» **TASK REQUIREMENTS**
Extract from the listing each line in which the word "Definition" appears.

» **EXERCISE INPUTS**
┌──

(* Assume Assumption A and let $\alpha>0$. For each $\delta\ge0$, the set $D_\delta$ is positively invariant under the semiflow generated by system (S), i.e. if $(\varphi,\tau_0)\in D_\delta$ then $((A_{1,t},\dots,A_{n,t}),(\tau_1(t),\dots,\tau_n(t)))\in D_\delta$ for all $t\ge0$, where $A_{i,t}(\theta):=A_i(t+\theta)$, $\theta\le0$. Moreover, for each $\delta>0$ there exists $M(\delta)>0$, independent of the initial conditions, such that for every $(\varphi,\tau_0)\in D_\delta$ with $\varphi_i\ge0$ and $\tau_{i0}>0$ for all $i$, the corresponding solution satisfies $$\limsup_{t\to+\infty}\max_{i=1,\dots,n}A_i(t)\le M(\delta).$$
   Context: For $\alpha>0$, $X_\alpha:=\{\phi\in C((-\infty,0]): e^{-\alpha|\cdot|}\phi(\cdot)\in BUC((-\infty,0])\cap \mathrm{Lip}((-\infty,0])\}$. The $n$-species system (S): for $i=1,\dots,n$, $$A_i'(t)=-\mu_{A_i}A_i(t)+\beta_i e^{-\mu_{J_i}\tau_i(t)}\frac{f_i(Z_i(t))}{f_i(Z_i(t-\tau_i(t)))}A_i(t-\tau_i(t)),\quad t\ge0,$$ $$\int_{t-\tau_i(t)}^{t}f_i(Z_i(\sigma))\,d\sigma=\int_{-\tau_{i0}}^{0}f_i(Z_{i\varphi}(\sigma))\,d\sigma,\quad t\ge0,$$ with $A_i(t)=\varphi_i(t)$ for $t\le0$, $\tau_i(0)=\tau_{i0}\ge0$, where $Z_i(t)=\sum_{j=1}^n\zeta_{ij}A_j(t)$, $Z_{i\varphi}(t)=\sum_{j=1}^n\zeta_{ij}\varphi_j(t)$, $\zeta_{ij}\ge0$. A solution consists of continuous $A_i:\mathbb{R}\to[0,\infty)$, differentiable on $[0,\infty)$, and $\tau_i:[0,\infty)\to[0,\infty)$ satisfying these equations for all $t\ge0$. Assumption A: for each $i$, (i) $\mu_{A_i}>0$, $\mu_{J_i}>0$, $\beta_i>0$, $\zeta_{ii}>0$; (ii) $f_i:\mathbb{R}\to(0,\infty)$ is Lipschitz continuous and continuously differentiable with $f_i>0$, $f_i'\le0$ on $\mathbb{R}$, $\lim_{x\to+\infty}f_i(x)=0$, and $\sup_{x\ge0}\frac{f_i(x)}{f_i(cx)}<+\infty$ for every $c\ge1$. For $\delta\ge0$, $D_\delta:=\{(\varphi,\tau_0)\in X_\alpha^n\times[0,+\infty)^n: \int_{-\tau_{i0}}^0 f_i(Z_{i\varphi}(\sigma))\,d\sigma\ge\delta\ \ \forall i=1,\dots,n\}$, with $\varphi=(\varphi_1,\dots,\varphi_n)$, $\tau_0=(\tau_{10},\dots,\tau_{n0})$. *)

From Stdlib Require Import Reals Lra.
Open Scope R_scope.

Fixpoint sumR (n : nat) (g : nat -> R) : R :=
  match n with O => 0 | S k => sumR k g + g k end.

Definition cont_on_nonpos (g : R -> R) : Prop :=
  forall x, x <= 0 -> forall eps, 0 < eps -> exists d, 0 < d /\
    forall y, y <= 0 -> Rabs (y - x) < d -> Rabs (g y - g x) < eps.

Definition bounded_on_nonpos (g : R -> R) : Prop :=
  exists K, forall x, x <= 0 -> Rabs (g x) <= K.

Definition unif_cont_on_nonpos (g : R -> R) : Prop :=
  forall eps, 0 < eps -> exists d, 0 < d /\
    forall x y, x <= 0 -> y <= 0 -> Rabs (y - x) < d -> Rabs (g y - g x) < eps.

Definition lipschitz_on_nonpos (g : R -> R) : Prop :=
  exists L, forall x y, x <= 0 -> y <= 0 -> Rabs (g y - g x) <= L * Rabs (y - x).

Definition in_X (alpha : R) (phi : R -> R) : Prop :=
  let psi := fun x => exp (- alpha * Rabs x) * phi x in
  cont_on_nonpos phi /\ bounded_on_nonpos psi /\ unif_cont_on_nonpos psi
  /\ lipschitz_on_nonpos psi.

Definition f_hyp (fi : R -> R) : Prop :=
  (exists L, forall x y, Rabs (fi x - fi y) <= L * Rabs (x - y)) /\
  (exists fi' : R -> R, (forall x, derivable_pt_lim fi x (fi' x)) /\
      continuity fi' /\ (forall x, fi' x <= 0)) /\
  (forall x, 0 < fi x) /\
  (forall eps, 0 < eps -> exists X, forall x, X <= x -> Rabs (fi x) < eps) /\
  (forall c, 1 <= c -> exists K, forall x, 0 <= x -> fi x / fi (c * x) <= K).

Definition assumptionA (n : nat) (muA muJ beta : nat -> R) (zeta : nat -> nat -> R)
  (f : nat -> R -> R) : Prop :=
  forall i, (i < n)%nat ->
    0 < muA i /\ 0 < muJ i /\ 0 < beta i /\ 0 < zeta i i /\
    (forall j, (j < n)%nat -> 0 <= zeta i j) /\ f_hyp (f i).

Definition Zof (n : nat) (zeta : nat -> nat -> R) (u : nat -> R -> R) (i : nat) (s : R) : R :=
  sumR n (fun j => zeta i j * u j s).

└──

» **ANSWER SECTION**
Definition cont_on_nonpos (g : R -> R) : Prop :=
Definition bounded_on_nonpos (g : R -> R) : Prop :=
Definition unif_cont_on_nonpos (g : R -> R) : Prop :=
Definition lipschitz_on_nonpos (g : R -> R) : Prop :=
Definition in_X (alpha : R) (phi : R -> R) : Prop :=
Definition f_hyp (fi : R -> R) : Prop :=
Definition assumptionA (n : nat) (muA muJ beta : nat -> R) (zeta : nat -> nat -> R)
Definition Zof (n : nat) (zeta : nat -> nat -> R) (u : nat -> R -> R) (i : nat) (s : R) : R :=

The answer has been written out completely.